A confermare la permanenza del Luna Park alla Foce è stata, nei giorni scorsi, anche l’assessore comunale alle Attività Produttive, Paola Bordilli: “Come ci eravamo detti, anche con gli operatori, l’area è al momento libera e ovviamente Genova non rinuncia alla storicità del Luna Park. Si dà l’appuntamento con una storica manifestazione in piazzale Kennedy. La prospettiva invece prevede uno spostamento futuro, ma con gli operatori stiamo valutando le loro richieste. È un tema sul quale ci siamo confrontati già, ma torneremo a confrontarci, perché servono aree piuttosto ampie e con determinate caratteristiche”.

Intanto, l’Anesv-Agis lancia la campagna per sostenere, attraverso il 5x1000, la Casa di Riposo di Scandicci, in provincia di Firenze, dove vivono diversi anziani un tempo operatori dello spettacolo viaggiante.
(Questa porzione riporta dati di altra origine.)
(* Let $\Pi_n=\{\pi_1,\ldots,\pi_n\}$ be a finite set of policies of a discrete mean-field game (setting in the context) with $J$ $\mu$-diff-affine, and let $M_{ij}=J(\pi_i,\mu^{\pi_j})$. Let $\rho$ be a finitely supported distribution over $\Delta(\Pi_n)$ (writing $\nu_i=\nu(\pi_i)$). (i) If $\sum_i\max_k\sum_\nu\rho(\nu)\,\nu_i\sum_j\nu_j\big(M_{kj}-M_{ij}\big)\le0$, then $\sum_i\max_k\sum_\nu\rho(\nu)\nu_i\big(J(\pi_k,\mu(\nu))-J(\pi_i,\mu(\nu))\big)\le0$; in particular $\rho$ is a mean-field correlated equilibrium when deviations are restricted to $\Pi_n$. (ii) If $\max_k\sum_\nu\rho(\nu)\sum_i\sum_j\nu_i\nu_j\big(M_{kj}-M_{ij}\big)\le0$, then $\max_k\sum_\nu\rho(\nu)\big(J(\pi_k,\mu(\nu))-J(\pi(\nu),\mu(\nu))\big)\le0$, i.e. $\rho$ is a mean-field coarse correlated equilibrium when deviations are restricted to $\Pi_n$.
   Context: A discrete mean-field game consists of finite state set $\mathcal X$, finite action set $\mathcal A$, reward $r:\mathcal X\times\mathcal A\times\Delta(\mathcal X)\to\mathbb R$, transitions $p(x'\mid x,a)$ independent of the population distribution, initial distribution $\mu_0$. A policy is $\pi:\mathcal X\to\Delta(\mathcal A)$; $\mu^\pi$ is its state occupancy measure; $J(\pi,\mu)=\sum_{x,a}\mu^\pi(x)\pi(x,a)r(x,a,\mu)$. For $\nu\in\Delta(\Pi_n)$, $\mu(\nu)=\sum_j\nu(\pi_j)\mu^{\pi_j}$ and $J(\pi(\nu),\mu)=\sum_i\nu(\pi_i)J(\pi_i,\mu)$, where $\pi(\nu)$ samples a policy from $\nu$ at the start and plays it. $J$ is $\mu$-diff-affine if for all policies $\pi,\pi'$ the map $\mu\mapsto J(\pi,\mu)-J(\pi',\mu)$ is affine. A mean-field correlated equilibrium (deviations in $\Pi_n$) is a $\rho$ with $\sum_\nu\rho(\nu)\nu(\pi_i)(J(\pi_k,\mu(\nu))-J(\pi_i,\mu(\nu)))\le0$ for all $i,k$. *)

From HB Require Import structures.
From mathcomp Require Import all_boot all_order all_algebra.
Set Implicit Arguments. Unset Strict Implicit. Unset Printing Implicit Defensive.
Import Order.TTheory GRing.Theory Num.Theory.
Local Open Scope ring_scope.

Definition is_dist (R : numDomainType) (T : finType) (f : T -> R) : Prop :=
  (forall t, 0 <= f t) /\ \sum_t f t = 1.

Section MFG.
Variables (R : realFieldType) (X A : finType).
(* transition kernel p(x' | x, a) : p x a x' *)
Variable p : X -> A -> X -> R.
Variable mu0 : {ffun X -> R}.
Variable gamma : R.
Variable r : X -> A -> {ffun X -> R} -> R.

Definition is_policy (pi : X -> A -> R) : Prop := forall x, is_dist (pi x).
Definition is_kernel : Prop := forall x a, is_dist (p x a).

Definition Pmat (pi : X -> A -> R) : 'M[R]_#|X| :=
  \matrix_(i, j) \sum_a pi (enum_val i) a * p (enum_val i) a (enum_val j).

(* discounted state occupancy measure:
   mu^pi = (1 - gamma) sum_t gamma^t mu0 P_pi^t = (1-gamma) mu0 (I - gamma P_pi)^-1 *)
Definition occupancy (pi : X -> A -> R) : {ffun X -> R} :=
  let m0 : 'rV[R]_#|X| := \row_j mu0 (enum_val j) in
  let occ := (1 - gamma) *: (m0 *m invmx (1%:M - gamma *: Pmat pi)) in
  [ffun x => occ 0 (enum_rank x)].

Definition J (pi : X -> A -> R) (mu : {ffun X -> R}) : R :=
  \sum_x \sum_a occupancy pi x * pi x a * r x a mu.

Definition mu_diff_affine : Prop :=
  forall pi pi' : X -> A -> R, is_policy pi -> is_policy pi' ->
  forall (mu1 mu2 : {ffun X -> R}) (t : R),
    is_dist mu1 -> is_dist mu2 -> 0 <= t <= 1 ->
    J pi [ffun x => t * mu1 x + (1 - t) * mu2 x]
      - J pi' [ffun x => t * mu1 x + (1 - t) * mu2 x]
    = t * (J pi mu1 - J pi' mu1) + (1 - t) * (J pi mu2 - J pi' mu2).

Definition mu_of (n : nat) (pis : 'I_n -> X -> A -> R) (nu : 'I_n -> R)
  : {ffun X -> R} :=
  [ffun x => \sum_j nu j * occupancy (pis j) x].

(* J(pi(nu), mu) = sum_i nu(pi_i) J(pi_i, mu) *)
Definition J_mix (n : nat) (pis : 'I_n -> X -> A -> R) (nu : 'I_n -> R)
  (mu : {ffun X -> R}) : R :=
  \sum_i nu i * J (pis i) mu.

End MFG.

Definition maxI (R : realDomainType) (n : nat) (F : 'I_n.+1 -> R) : R :=
  \big[Num.max/F ord0]_(k < n.+1) F k.

(* The gain J(pi_k, mu) - J(pi_i, mu) of a deviation is affine in mu on
   distributions, and mu(nu) is the nu-mixture of the occupancy measures
   mu^{pi_j}, which are distributions because (I - gamma P_pi)^-1 is entrywise
   nonnegative with row sums 1/(1 - gamma) (a discrete minimum principle).
   Hence every gain at mu(nu) equals sum_j nu_j (M_kj - M_ij), and the
   hypothesis of each part is its first conclusion rewritten in terms of M.
   For the correlated equilibrium inequalities, each max in (i) is nonnegative (take k = i), so their
   nonpositive sum forces every term to be nonpositive. *)

From mathcomp Require Import all_boot all_order all_algebra.
Import Order.TTheory GRing.Theory Num.Theory.
Set Implicit Arguments. Unset Strict Implicit. Unset Printing Implicit Defensive.
Local Open Scope ring_scope.

Section DiscountedStochastic.
Variables (R : realFieldType) (N : nat) (P : 'M[R]_N) (gamma : R).
Hypotheses (P_stochastic : forall i, is_dist (P i)) (gamma01 : 0 <= gamma < 1).

Local Notation B := (1%:M - gamma *: P).

Lemma stochastic_mulmx_ge m (Y : 'M[R]_(N, m)) c i j :
  (forall k, c <= Y k j) -> c <= (P *m Y) i j.
Proof.
case: (P_stochastic i) => P_ge0 P_sum1 cY.
rewrite mxE -[c]mul1r -P_sum1 mulr_suml.
by apply: ler_sum => k _; apply: ler_wpM2l.
Qed.

Lemma discounted_mx_min_principle m (Y : 'M[R]_(N, m)) :
  (forall i j, 0 <= (B *m Y) i j) -> forall i j, 0 <= Y i j.
Proof.
move=> BY_ge0 i j; case/andP: gamma01 => gamma_ge0 gamma_lt1.
have [i0 _ Y_min] := @real_arg_minP R _ i predT (Y^~ j) isT (fun k _ => num_real _).
apply: le_trans _ (Y_min i isT); set y0 := Y i0 j.
have gammaPY_le : gamma * (P *m Y) i0 j <= y0.
  by have := BY_ge0 i0 j; rewrite mulmxBl mul1mx -scalemxAl !mxE subr_ge0.
have gamma_y0 : gamma * y0 <= y0.
  by apply: le_trans gammaPY_le; apply/ler_wpM2l/stochastic_mulmx_ge => // k; apply: Y_min.
by rewrite -(pmulr_rge0 _ (_ : 0 < 1 - gamma)) ?subr_gt0 // mulrBl mul1r subr_ge0.
Qed.

Lemma discounted_mx_unit : B \in unitmx.
Proof.
rewrite -unitmx_tr unitmxE unitfE; apply/negP => /det0P[v /eqP v_neq0 vB0].
have Bv0 : B *m v^T = 0 by rewrite -[B]trmxK -trmx_mul vB0 trmx0.
have vT_ge0 i j : 0 <= v^T i j.
  by apply: discounted_mx_min_principle => {}i {}j; rewrite Bv0 mxE.
have vT_le0 i j : 0 <= (- v^T) i j.
  by apply: discounted_mx_min_principle => {}i {}j; rewrite mulmxN Bv0 oppr0 mxE.
apply: v_neq0; apply/matrixP => a k; rewrite ord1 [RHS]mxE; apply/eqP; rewrite eq_le.
by have := vT_ge0 k 0; have := vT_le0 k 0; rewrite !mxE oppr_ge0 => -> ->.
Qed.

Lemma invmx_discounted_ge0 i j : 0 <= invmx B i j.
Proof.
apply: discounted_mx_min_principle => {}i {}j.
by rewrite mulmxV ?discounted_mx_unit // mxE ler0n.
Qed.

Lemma invmx_discounted_const :
  (1 - gamma) *: (invmx B *m const_mx 1) = const_mx 1 :> 'cV[R]_N.
Proof.
have P1 : P *m const_mx 1 = const_mx 1 :> 'cV[R]_N.
  apply/matrixP => i j; case: (P_stochastic i) => _ P_sum1.
  by rewrite !mxE -[RHS]P_sum1; apply: eq_bigr => k _; rewrite mxE mulr1.
have B1 : B *m const_mx 1 = (1 - gamma) *: const_mx 1 :> 'cV[R]_N.
  by rewrite mulmxBl mul1mx -scalemxAl P1 scalerBl scale1r.
by rewrite scalemxAr -B1 mulKmx // discounted_mx_unit.
Qed.

End DiscountedStochastic.

Section Occupancy.
Variables (R : realFieldType) (X A : finType) (p : X -> A -> X -> R).
Variables (mu0 : {ffun X -> R}) (gamma : R).
Hypotheses (p_kernel : is_kernel p) (mu0_dist : is_dist mu0).
Hypothesis gamma01 : 0 <= gamma < 1.

Lemma Pmat_stochastic pi : is_policy pi -> forall i, is_dist (Pmat p pi i).
Proof.
move=> pi_policy i; set x := enum_val i.
have [pi_ge0 pi_sum1] := pi_policy x.
split=> [k | ]; rewrite ?mxE.
  by apply: sumr_ge0 => a _; apply: mulr_ge0 => //; case: (p_kernel x a).
under eq_bigr => k _ do rewrite mxE.
rewrite exchange_big -pi_sum1; apply: eq_bigr => a _.
have [_ p_sum1] := p_kernel x a.
by rewrite -mulr_sumr -big_enum_val p_sum1 mulr1.
Qed.

Lemma occupancy_dist pi : is_policy pi -> is_dist (occupancy p mu0 gamma pi).
Proof.
move=> pi_policy; have P_stochastic := Pmat_stochastic pi_policy.
have [mu0_ge0 mu0_sum1] := mu0_dist.
set m0 : 'rV[R]_#|X| := \row_j mu0 (enum_val j).
have sum_row (u : 'rV[R]_#|X|) :
    \sum_x u 0 (enum_rank x) = (u *m (const_mx 1 : 'cV_#|X|)) 0 0.
  rewrite mxE (big_enum_val (fun x => u 0 (enum_rank x))) /=.
  by apply: eq_bigr => j _; rewrite enum_valK mxE mulr1.
have gamma1_ge0 : 0 <= 1 - gamma by case/andP: gamma01; rewrite subr_ge0 => _ /ltW.
split=> [x | ].
  rewrite ffunE !mxE; apply: mulr_ge0 => //; apply: sumr_ge0 => j _; rewrite mxE; apply: mulr_ge0 => //.
  exact: invmx_discounted_ge0.
under eq_bigr => x _ do rewrite ffunE.
rewrite sum_row -scalemxAl -mulmxA scalemxAr invmx_discounted_const //.
rewrite -(sum_row m0) -mu0_sum1; apply: eq_bigr => x _.
by rewrite mxE enum_rankK.
Qed.

End Occupancy.

Lemma dist_split_last (R : realFieldType) N (c : 'I_N.+2 -> R) : is_dist c ->
  exists2 c' : 'I_N.+1 -> R, is_dist c' &
    forall i, c (widen_ord (leqnSn _) i) = (1 - c ord_max) * c' i.
Proof.
move=> [c_ge0 c_sum1].
have t_sum : 1 - c ord_max = \sum_i c (widen_ord (leqnSn _) i).
  by rewrite -c_sum1 big_ord_recr /= addrK.
have [t0 | t_neq0] := eqVneq (1 - c ord_max) 0.
  exists (fun i => (i == ord0)%:R).
    split=> [i | ]; first exact: ler0n.
    by rewrite (bigD1 ord0) //= big1 ?addr0 // => i /negbTE ->.
  move=> i; rewrite t0 mul0r.
  by apply: (psumr_eq0P (P := predT) (F := fun j => c (widen_ord _ j))); rewrite -?t_sum.
exists (fun i => c (widen_ord (leqnSn _) i) / (1 - c ord_max)); last first.
  by move=> i; rewrite mulrCA divff // mulr1.
split=> [i | ]; first by rewrite divr_ge0 // t_sum sumr_ge0.
by rewrite -mulr_suml -t_sum divff.
Qed.

Section Mixture.
Variables (R : realFieldType) (X : finType).

Definition mixture (I : finType) (c : I -> R) (mus : I -> {ffun X -> R}) :
  {ffun X -> R} := [ffun x => \sum_i c i * mus i x].

Lemma mixture_dist (I : finType) (c : I -> R) (mus : I -> {ffun X -> R}) :
  is_dist c -> (forall i, is_dist (mus i)) -> is_dist (mixture c mus).
Proof.
move=> [c_ge0 c_sum1] mus_dist; split=> [x | ].
  rewrite ffunE; apply: sumr_ge0 => i _; apply: mulr_ge0 => //.
  by case: (mus_dist i).
under eq_bigr => x _ do rewrite ffunE.
rewrite exchange_big -c_sum1; apply: eq_bigr => i _.
by rewrite -mulr_sumr; case: (mus_dist i) => _ ->; rewrite mulr1.
Qed.

Variable f : {ffun X -> R} -> R.
Hypothesis f_affine : forall (mu1 mu2 : {ffun X -> R}) (t : R),
  is_dist mu1 -> is_dist mu2 -> 0 <= t <= 1 ->
  f [ffun x => t * mu1 x + (1 - t) * mu2 x] = t * f mu1 + (1 - t) * f mu2.

Lemma affine_mixture N (c : 'I_N.+1 -> R) (mus : 'I_N.+1 -> {ffun X -> R}) :
  is_dist c -> (forall i, is_dist (mus i)) ->
  f (mixture c mus) = \sum_i c i * f (mus i).
Proof.
elim: N => [|N IH] in c mus * => c_dist mus_dist.
  have [_] := c_dist; rewrite big_ord1 => c1.
  rewrite big_ord1 c1 mul1r; congr f; apply/ffunP => x.
  by rewrite ffunE big_ord1 c1 mul1r.
have [c' c'_dist c_widen] := dist_split_last c_dist.
pose t := 1 - c ord_max.
have t01 : 0 <= t <= 1.
  have [c_ge0 c_sum1] := c_dist.
  rewrite subr_ge0 lerBlDr lerDl c_ge0 andbT -c_sum1.
  by rewrite (bigD1 ord_max) //= lerDl sumr_ge0.
pose mus' i := mus (widen_ord (leqnSn _) i).
have -> : mixture c mus = [ffun x => t * mixture c' mus' x + (1 - t) * mus ord_max x].
  apply/ffunP => x; rewrite !ffunE big_ord_recr /= mulr_sumr subKr.
  by congr (_ + _); apply: eq_bigr => i _; rewrite c_widen mulrA.
have mus'_dist i : is_dist (mus' i) by exact: mus_dist.
have mix'_dist := mixture_dist c'_dist mus'_dist.
rewrite f_affine // IH // [RHS]big_ord_recr /= mulr_sumr subKr.
by congr (_ + _); apply: eq_bigr => i _; rewrite c_widen mulrA.
Qed.

End Mixture.

Section DeviationGain.
Variables (R : realFieldType) (X A : finType) (p : X -> A -> X -> R).
Variables (mu0 : {ffun X -> R}) (gamma : R) (r : X -> A -> {ffun X -> R} -> R).
Hypotheses (p_kernel : is_kernel p) (mu0_dist : is_dist mu0).
Hypotheses (gamma01 : 0 <= gamma < 1) (J_affine : mu_diff_affine p mu0 gamma r).
Variables (n : nat) (pis : 'I_n.+1 -> X -> A -> R).
Hypothesis pis_policy : forall i, is_policy (pis i).

Local Notation J := (J p mu0 gamma r).
Local Notation occ := (occupancy p mu0 gamma).

Lemma J_sub_mu_of nu k i : is_dist nu ->
  J (pis k) (mu_of p mu0 gamma pis nu) - J (pis i) (mu_of p mu0 gamma pis nu) =
  \sum_j nu j * (J (pis k) (occ (pis j)) - J (pis i) (occ (pis j))).
Proof.
move=> nu_dist.
apply: (affine_mixture (f := fun mu => J (pis k) mu - J (pis i) mu)) => // [|j].
  exact: J_affine (pis_policy k) (pis_policy i).
exact: (occupancy_dist p_kernel mu0_dist gamma01 (pis_policy j)).
Qed.

Lemma J_sub_J_mix nu k mu : is_dist nu ->
  J (pis k) mu - J_mix p mu0 gamma r pis nu mu = \sum_i nu i * (J (pis k) mu - J (pis i) mu).
Proof.
case=> _ nu_sum1; rewrite /J_mix -[in LHS](mul1r (J _ mu)) -nu_sum1 mulr_suml -sumrB.
by apply: eq_bigr => i _; rewrite mulrBr.
Qed.

End DeviationGain.

Section MaxI.
Variables (R : realDomainType) (n : nat).

Lemma le_maxI (F : 'I_n.+1 -> R) k : F k <= maxI F.
Proof. by rewrite /maxI (bigD1 k) //= le_max lexx. Qed.

Lemma eq_maxI (F G : 'I_n.+1 -> R) : F =1 G -> maxI F = maxI G.
Proof. by move=> FG; rewrite /maxI FG; apply: eq_bigr. Qed.

Lemma sum_maxI_le0 (G : 'I_n.+1 -> 'I_n.+1 -> R) :
  (forall i, G i i = 0) -> \sum_i maxI (G i) <= 0 -> forall i k, G i k <= 0.
Proof.
move=> G_diag sum_le0 i k.
have maxI_ge0 j : 0 <= maxI (G j) by rewrite -(G_diag j) le_maxI.
apply: le_trans (le_maxI _ k) (le_trans _ sum_le0).
by rewrite (bigD1 i) //= lerDl sumr_ge0.
Qed.

End MaxI.

Theorem mainTheorem10 (R : realFieldType) (X A : finType)
  (p : X -> A -> X -> R) (mu0 : {ffun X -> R}) (gamma : R)
  (r : X -> A -> {ffun X -> R} -> R)
  (n : nat) (pis : 'I_n.+1 -> X -> A -> R)
  (m : nat) (w : 'I_m -> R) (nus : 'I_m -> 'I_n.+1 -> R) :
  is_kernel p -> is_dist mu0 -> 0 <= gamma < 1 ->
  (forall i, is_policy (pis i)) ->
  mu_diff_affine p mu0 gamma r ->
  is_dist w -> (forall l, is_dist (nus l)) ->
  let M i j := J p mu0 gamma r (pis i) (occupancy p mu0 gamma (pis j)) in
  let muv l := mu_of p mu0 gamma pis (nus l) in
  (* (i) *)
  ((\sum_i maxI (fun k => \sum_l w l * nus l i *
        \sum_j nus l j * (M k j - M i j)) <= 0) ->
     (\sum_i maxI (fun k => \sum_l w l * nus l i *
        (J p mu0 gamma r (pis k) (muv l) - J p mu0 gamma r (pis i) (muv l))) <= 0)
     /\ (forall i k, \sum_l w l * nus l i *
        (J p mu0 gamma r (pis k) (muv l) - J p mu0 gamma r (pis i) (muv l)) <= 0))
  /\
  (* (ii) *)
  ((maxI (fun k => \sum_l w l * \sum_i \sum_j nus l i * nus l j * (M k j - M i j)) <= 0) ->
     maxI (fun k => \sum_l w l *
        (J p mu0 gamma r (pis k) (muv l) - J_mix p mu0 gamma r pis (nus l) (muv l))) <= 0).
Proof.
move=> p_kernel mu0_dist gamma01 pis_policy J_affine _ nus_dist M muv.
have gain l k i : J p mu0 gamma r (pis k) (muv l) - J p mu0 gamma r (pis i) (muv l) =
    \sum_j nus l j * (M k j - M i j) by exact: J_sub_mu_of.
split=> [sumM_le0 | maxM_le0].
  have sumJ_le0 : \sum_i maxI (fun k => \sum_l w l * nus l i *
      (J p mu0 gamma r (pis k) (muv l) - J p mu0 gamma r (pis i) (muv l))) <= 0.
    by under eq_bigr => i _ do under eq_maxI => k do under eq_bigr => l _ do rewrite gain.
  split=> //; apply: sum_maxI_le0 sumJ_le0 => i.
  by apply: big1 => l _; rewrite subrr mulr0.
apply: le_trans maxM_le0; rewrite le_eqVlt; apply/orP/or_introl/eqP/eq_maxI => k.
apply: eq_bigr => l _; rewrite J_sub_J_mix //; congr (_ * _).
by apply: eq_bigr => i _; rewrite gain mulr_sumr; apply: eq_bigr => j _; rewrite mulrA.
Qed.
“Nei giorni scorsi - fa presente Ferdinando Uga - siamo stati a visitare i nostri amati anziani. Attorno a un tavolo con il responsabile della struttura, don Pier Giorgio, figura carismatica dai gesti gentili ma decisi, ci è stato raccontato che, dietro alle apparenze positive da noi riscontrate, esiste una situazione economica molto difficile, in particolare dopo che lo Stato ha tolto il contributo elargito dal Ministero per i Beni e le Attività Culturali. Ora gli unici sostentamenti derivano dalle rette degli ospiti, circa diciannove, dagli aiuti della Migrantes e dalle offerte spontanee che ogni tanto arrivano in sede. Chiaramente, com’è intuibile, tutto ciò non basta alla sopravvivenza della struttura. Da quest’anno, quindi, è stata messa in campo la possibilità, attraverso la denuncia dei redditi, di raccogliere per chi lo volesse il 5x1000. Inoltre, abbiamo suggerito a Don Pier Giorgio di aprire un conto corrente postale intestato direttamente alla casa di riposo, pagabile anche nelle tabaccherie, che verrà veicolato nei parchi e nei circhi, dando così la possibilità pratica ad ognuno di noi di aiutare e contribuire fattivamente alla sopravvivenza di Scandicci”.